(Extracted records)

======

(* Let ${\bf r}=(r_0,r_1,\dots)$ be a finitely supported sequence of nonnegative integers with $n=\sum_{d\ge1}r_d\ge1$ and $\ell=-\sum_{d\ge0}(d-1)r_d\ge1$, and let $k\ge0$ be an integer. Then $$|\mathcal{CF}_{{\bf r},k}|=\binom{n}{r_1,r_2,\dots}\,\ell\,1^{r_1}2^{r_2}3^{r_3}\cdots\prod_{i=1}^{n-1}\big(r_0+i(1+k)\big).$$
   Context: A plane tree is an unlabelled rooted tree in which the children of every vertex are linearly ordered; a plane forest is a finite linearly ordered sequence of plane trees. For vertices $u,v$ in a tree, $v$ is a descendant of $u$ if $u$ lies on the path from the root to $v$ (so $u$ is a descendant of itself). The degree $d_v$ is the number of children of $v$; $v$ is internal if $d_v\ge1$. $I(F)$ is the set of internal vertices of $F$. A plane forest has type ${\bf r}$ if it has exactly $r_i$ vertices of degree $i$ for all $i\ge0$. A labelled forest is a plane forest $F$ together with a bijection (labelling) $I(F)\to[n]$. An internal vertex $v$ of a labelled forest is proper if no internal descendant of $v$ has a smaller label than $v$, and improper otherwise. Fix colors $c_1,c_2,\dots$ and distinct special colors $c_1',c_2',\dots$. A proper $k$-coloring of a labelled forest assigns to each internal vertex $v$ a color, taken from $\{c_1,\dots,c_{d_v}\}$ if $v$ is proper and from $\{c_1,\dots,c_{d_v}\}\cup\{c_1',\dots,c_k'\}$ if $v$ is improper. A $k$-colored labelled forest is a labelled forest together with a proper $k$-coloring; $\mathcal{CF}_{{\bf r},k}$ is the set of $k$-colored labelled forests whose underlying plane forest has type ${\bf r}$. *)

From mathcomp Require Import all_boot all_order all_algebra.
From Stdlib Require List.
Set Implicit Arguments. Unset Strict Implicit. Unset Printing Implicit Defensive.
Import GRing.Theory Num.Theory.

(* Colors: [inl i] is the ordinary color c_i, [inr j] is the special color c'_j. *)
Definition color := (nat + nat)%type.

Inductive ctree : Type :=
| CLeaf : ctree
| CNode : nat -> color -> seq ctree -> ctree.

Definition cforest := seq ctree.

Fixpoint labels (t : ctree) : seq nat :=
  match t with
  | CLeaf => [::]
  | CNode l _ ch => l :: flatten (map labels ch)
  end.

Fixpoint degs (t : ctree) : seq nat :=
  match t with
  | CLeaf => [:: 0]
  | CNode _ _ ch => size ch :: flatten (map degs ch)
  end.

Definition forest_labels (F : cforest) : seq nat := flatten (map labels F).
Definition forest_degs (F : cforest) : seq nat := flatten (map degs F).

(* Well-formedness and proper k-coloring: every vertex stored as [CNode] is
   internal (degree >= 1); its color is c_i with 1 <= i <= d_v, or, if v is
   improper (some internal descendant has a smaller label), c'_j with
   1 <= j <= k. *)
Fixpoint proper_colored (k : nat) (t : ctree) : bool :=
  match t with
  | CLeaf => true
  | CNode l c ch =>
      [&& 0 < size ch,
          match c with
          | inl i => (1 <= i <= size ch)%N
          | inr j => (1 <= j <= k)%N && has (fun m => m < l)%N (flatten (map labels ch))
          end
        & all (proper_colored k) ch]
  end.

(* The set CF_{r,k}: k-colored labelled forests of type r, where
   r_i = nth 0 r i (a finitely supported sequence). The labelling is a
   bijection from the internal vertices onto [n] = {1,...,n}. *)
Definition CF (r : seq nat) (k : nat) (F : cforest) : Prop :=
  [/\ forall i : nat, count_mem i (forest_degs F) = nth 0 r i,
      perm_eq (forest_labels F) (iota 1 (size (forest_labels F)))
    & all (proper_colored k) F].

Definition card_is (T : Type) (P : T -> Prop) (N : nat) : Prop :=
  exists s : list T, List.NoDup s /\ (forall x, List.In x s <-> P x) /\ length s = N.

Definition nint (r : seq nat) : nat := \sum_(1 <= d < size r) nth 0 r d.

Definition ell (r : seq nat) : int :=
  - \sum_(0 <= d < size r) ((d%:Z - 1) * (nth 0 r d)%:Z)%R.

Definition multinom (r : seq nat) : nat :=
  (nint r)`! %/ \prod_(1 <= d < size r) (nth 0 r d)`!.

Definition degprod (r : seq nat) : nat := \prod_(1 <= d < size r) d ^ (nth 0 r d).

From Stdlib Require List.
From mathcomp Require Import all_boot all_order all_algebra zify ring.
Import Order.TTheory GRing.Theory Num.Theory.
Set Implicit Arguments. Unset Strict Implicit. Unset Printing Implicit Defensive.
(* Let $(\Omega,\mathcal{F},\mathbf{P})$ be a probability space with $\sigma$-fields $\{\emptyset,\Omega\}=\mathcal{F}_0\subseteq\mathcal{F}_1\subseteq\cdots\subseteq\mathcal{F}_n\subseteq\mathcal{F}$, and let $(\xi_i,\mathcal{F}_i)_{i=1,\dots,n}$ be a sequence of supermartingale differences, i.e. each $\xi_i$ is real-valued, $\mathcal{F}_i$-measurable, integrable, and $\mathbf{E}(\xi_i\mid\mathcal{F}_{i-1})\le 0$. Let $\beta\in(1,2)$ be a constant and assume $\mathbf{E}|\xi_i|^\beta<\infty$ for all $i\in[1,n]$. Let $S_k=\sum_{i=1}^k\xi_i$ and \[ \mathrm{G}^0_k(\beta)=\sum_{i=1}^k\Big(\mathbf{E}\big((\xi_i^-)^\beta\mid\mathcal{F}_{i-1}\big)+(\xi_i^+)^\beta\Big),\qquad k\in[1,n], \] where $x^+=\max\{x,0\}$ and $x^-=-\min\{x,0\}$. Then for all $x,v>0$, \[ \mathbf{P}\Big(S_k\ge x\ \text{and}\ \mathrm{G}^0_k(\beta)\le v^\beta\ \text{for some}\ k\in[1,n]\Big)\le\exp\left\{-C(\beta)\left(\frac{x}{v}\right)^{\frac{\beta}{\beta-1}}\right\}, \] where $C(\beta)=\beta^{\frac{1}{1-\beta}}\left(1-\beta^{-1}\right)$. *)

From HB Require Import structures.
From mathcomp Require Import all_boot all_order all_algebra.
From mathcomp Require Import all_classical all_reals all_analysis.
Set Implicit Arguments. Unset Strict Implicit. Unset Printing Implicit Defensive.
Import Order.TTheory GRing.Theory Num.Theory.
Import numFieldNormedType.Exports.
Local Open Scope classical_set_scope.
Local Open Scope ring_scope.

Definition sub_sigma_field d (T : measurableType d) (G : set (set T)) : Prop :=
  sigma_algebra setT G /\ G `<=` measurable.

Definition G_measurable d (T : measurableType d) (R : realType)
  (G : set (set T)) (Y : T -> R) : Prop :=
  forall B : set R, measurable B -> G (Y @^-1` B).

Definition is_cond_exp d (T : measurableType d) (R : realType)
  (P : probability T R) (G : set (set T)) (X Y : T -> R) : Prop :=
  [/\ G_measurable G Y,
      P.-integrable setT (EFin \o Y) &
      forall A, G A ->
        (\int[P]_(w in A) (Y w)%:E = \int[P]_(w in A) (X w)%:E)%E].

Definition pos_part (R : realType) (x : R) : R := Num.max x 0.
Definition neg_part (R : realType) (x : R) : R := - Num.min x 0.

From HB Require Import structures.
From mathcomp Require Import all_boot all_order all_algebra.
From mathcomp Require Import all_classical all_reals all_analysis.
From mathcomp Require Import ring lra measurable_realfun.
From mathcomp Require finmap.
Set Implicit Arguments. Unset Strict Implicit. Unset Printing Implicit Defensive.
Import Order.TTheory GRing.Theory Num.Theory.
Import numFieldNormedType.Exports.
Local Open Scope classical_set_scope.
Local Open Scope ring_scope.

(* For lam > 0 and c = lam^beta, the process Z_k = exp(lam S_k - c G0_k(beta))
   is a nonnegative supermartingale with Z_0 = 1.  Indeed, the elementary
   inequality exp(y - (y^+)^beta) <= 1 + y + (y^-)^beta at y = lam xi_i shows,
   after conditioning on F_{i-1}, that the multiplicative increment of Z has
   conditional expectation at most exp(-c V) (1 + c V) <= 1, where
   V = E((xi_i^-)^beta | F_{i-1}).  On the event of the theorem some Z_k is at
   least exp(lam x - c v^beta), so Ville's maximal inequality bounds its
   probability by exp(-(lam x - lam^beta v^beta)); the optimal lam gives
   C(beta) (x/v)^(beta/(beta-1)). *)

Section pos_neg_part.
Variable R : realType.
Implicit Types a l : R.

Lemma pos_part_ge0 a : 0 <= pos_part a.
Proof. by rewrite /pos_part le_max lexx orbT. Qed.

Lemma neg_part_ge0 a : 0 <= neg_part a.
Proof. by rewrite /neg_part oppr_ge0 ge_min lexx orbT. Qed.

Lemma pos_part_id a : 0 <= a -> pos_part a = a.
Proof. by move=> a0; apply/max_idPl. Qed.

Lemma neg_part_id a : a <= 0 -> neg_part a = - a.
Proof. by move=> a0; rewrite /neg_part; congr (- _); apply/min_idPl. Qed.

Lemma pos_part_eq0 a : a <= 0 -> pos_part a = 0.
Proof. by move=> a0; apply/max_idPr. Qed.

Lemma neg_part_eq0 a : 0 <= a -> neg_part a = 0.
Proof. by move=> a0; rewrite /neg_part (min_idPr a0) oppr0. Qed.

Lemma pos_partZ l a : 0 < l -> pos_part (l * a) = l * pos_part a.
Proof.
move=> l0; have [a0|a0] := leP 0 a.
  by rewrite !pos_part_id // mulr_ge0 // ltW.
by have a0' := ltW a0; rewrite !pos_part_eq0 ?mulr0 // pmulr_rle0.
Qed.

Lemma neg_partZ l a : 0 < l -> neg_part (l * a) = l * neg_part a.
Proof.
move=> l0; have [a0|a0] := leP 0 a.
  by rewrite !neg_part_eq0 ?mulr0 // mulr_ge0 // ltW.
by have a0' := ltW a0; rewrite !neg_part_id ?mulrN // pmulr_rle0.
Qed.

End pos_neg_part.

Lemma sqr_le_powR (R : realType) (a b : R) : 0 <= a <= 1 -> b <= 2 -> a ^+ 2 <= a `^ b.
Proof.
move=> /andP[a0 a1] b2; have [->|an0] := eqVneq a 0.
  by rewrite expr2 mul0r powR_ge0.
rewrite -powR_mulrn //; apply: ger_powR => //.
by rewrite a1 lt_neqAle eq_sym an0 a0.
Qed.

Lemma expR_le_of_mul1B (R : realType) (a c : R) :
  0 <= c -> 1 <= c * (1 - a) -> expR a <= c.
Proof.
move=> c0 h; have e := expR_ge1Dx (- a).
have E : expR a * expR (- a) = 1 by rewrite -expRD subrr expR0.
have := expR_gt0 a; have := expR_gt0 (- a); nra.
Qed.

Lemma expR_sub_pos_part_powR_le (R : realType) (b y : R) : 1 < b < 2 ->
  expR (y - pos_part y `^ b) <= 1 + y + neg_part y `^ b.
Proof.
move=> /andP[b1 b2]; have b0 : b != 0 by rewrite gt_eqF // (lt_trans ltr01).
have [y0|y0] := leP 0 y.
  rewrite pos_part_id // neg_part_eq0 // powR0 // addr0.
  have [y1|y1] := leP 1 y.
    have : y <= y `^ b by apply: le1r_powR => //; exact: ltW.
    move=> h; apply: (le_trans (y := expR 0)); first by rewrite ler_expR; lra.
    by rewrite expR0; lra.
  have : y ^+ 2 <= y `^ b by apply: sqr_le_powR; [lra | exact: ltW].
  move=> hs; apply: (le_trans (y := expR (y - y ^+ 2))); first by rewrite ler_expR; lra.
  apply: expR_le_of_mul1B; first lra.
  have : 0 <= y ^+ 3 by rewrite exprn_ge0.
  rewrite !exprS expr0 !mulr1; nra.
have yn : y <= 0 by exact: ltW.
rewrite pos_part_eq0 // neg_part_id // powR0 // subr0.
have [y1|y1] := leP (-1) y.
  have : (- y) ^+ 2 <= (- y) `^ b by apply: sqr_le_powR; [lra | exact: ltW].
  rewrite sqrrN => hs; apply: (le_trans (y := 1 + y + y ^+ 2)); last lra.
  apply: expR_le_of_mul1B; rewrite expr2; nra.
have : - y <= (- y) `^ b by apply: le1r_powR; lra.
move=> h; apply: (le_trans (y := expR 0)); first by rewrite ler_expR.
by rewrite expR0; lra.
Qed.

Lemma expRN_mul_max1D_le1 (R : realType) (u : R) : expR (- u) * Num.max (1 + u) 0 <= 1.
Proof.
have [h|h] := leP (1 + u) 0; first by rewrite mulr0.
have e := expR_ge1Dx u; have E : expR (- u) * expR u = 1 by rewrite -expRD addNr expR0.
have := expR_gt0 (- u); nra.
Qed.

Section sub_sigma_field.
Context d (T : measurableType d) (R : realType) (G : set (set T)).
Hypotheses (sG : sigma_algebra setT G) (GT : G `<=` measurable).
Local Notation T' := (g_sigma_algebraType G).
(* Replacing the buckets one by one: J buckets holding N pairs cost
   J h b1 + N h^2 b2. *)
Lemma buckets_bound : forall bs Q L,
  Forall bucket_good bs -> Forall (good a) Q ->
  (ell + 2 <= length (Xs bs) + length Q)%nat ->
  l1 L (fun m => pb (Xs bs ++ Q) m - pb (Ys bs ++ Q) m)
    <= INR (length bs) * (h * b1) + INR (length (Xs bs)) * (h * h * b2).
Proof.
  induction bs as [|b bs IH]; intros Q L Hbs HQ Hlen.
  - rewrite (l1_ext L _ (fun _ => 0)) by (intros; unfold Xs, Ys; simpl; ring).
    rewrite l1_zero. unfold Xs; simpl. lra.
  - inversion Hbs as [|? ? [[c Hc] Hsuf] Hbs1]; subst.
    assert (Hl : length (Xs (b :: bs)) = (length b + length (Xs bs))%nat)
      by (unfold Xs; simpl; rewrite length_app, length_map; auto).
    rewrite Hl in Hlen. unfold Xs, Ys; simpl concat. fold (Xs bs) (Ys bs).
    simpl length. rewrite length_app, length_map, S_INR, plus_INR.
    (* first swap the bucket b inside Xs bs, then the remaining buckets *)
    rewrite (l1_ext L _ (fun m => (pb (map fst b ++ (Xs bs ++ Q)) m - pb (map snd b ++ (Xs bs ++ Q)) m)
                          + (pb (Xs bs ++ (map snd b ++ Q)) m - pb (Ys bs ++ (map snd b ++ Q)) m))).
    2: { intros m. rewrite <- !app_assoc.
         rewrite (pb_perm (map snd b ++ Xs bs ++ Q) (Xs bs ++ map snd b ++ Q)) by apply Permutation_app_swap_app.
         rewrite (pb_perm (map snd b ++ Ys bs ++ Q) (Ys bs ++ map snd b ++ Q)) by apply Permutation_app_swap_app. ring. }
    eapply Rle_trans; [apply l1_triangle|].
    assert (HB1 := bucket_bound c b (Xs bs ++ Q) L).
    assert (HB2 := IH (map snd b ++ Q) L Hbs1).
    rewrite length_app in HB1. rewrite length_app, length_map in HB2.
    assert (Forall (good a) (Xs bs ++ Q)) by (apply Forall_app; split; auto using bucket_good_Xs).
    assert (Forall (good a) (map snd b ++ Q))
      by (apply Forall_app; split; auto; apply (window_good_snd a c h); auto).
    specialize (HB1 ltac:(auto) Hc Hsuf ltac:(lia)). specialize (HB2 ltac:(auto) ltac:(lia)).
    lra.
Qed.

End Telescoping.

(** * Sequential floor rounding *)

Lemma Int_part_spec r : IZR (Int_part r) <= r < IZR (Int_part r) + 1.
Proof. destruct (base_Int_part r); lra. Qed.

Lemma Int_part_0 : Int_part 0 = 0%Z.
Proof.
  destruct (Int_part_spec 0) as [H1 H2].
  assert (-1 < Int_part 0 < 1)%Z by (split; apply lt_IZR; simpl; lra). lia.
Qed.

Lemma Int_part_step t d : 0 <= d <= 1 ->
  (Int_part (t + d) = Int_part t \/ Int_part (t + d) = (Int_part t + 1)%Z).
Proof.
  intros Hd. destruct (Int_part_spec t) as [A1 A2]. destruct (Int_part_spec (t + d)) as [B1 B2].
  assert (C1 : (Int_part t - 1 < Int_part (t + d))%Z) by (apply lt_IZR; rewrite minus_IZR; simpl; lra).
  assert (C2 : (Int_part (t + d) < Int_part t + 2)%Z) by (apply lt_IZR; rewrite plus_IZR; simpl; lra).
  lia.
Qed.

Section SequentialRounding.
Variables (k c : R).
Hypothesis Hk : 0 < k.

Definition in_bucket (x : R) : Prop := c <= x <= c + / k.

======

What is the number of lines in the records that hold "destruct"? Give the number by itself.

→ Problem solution
3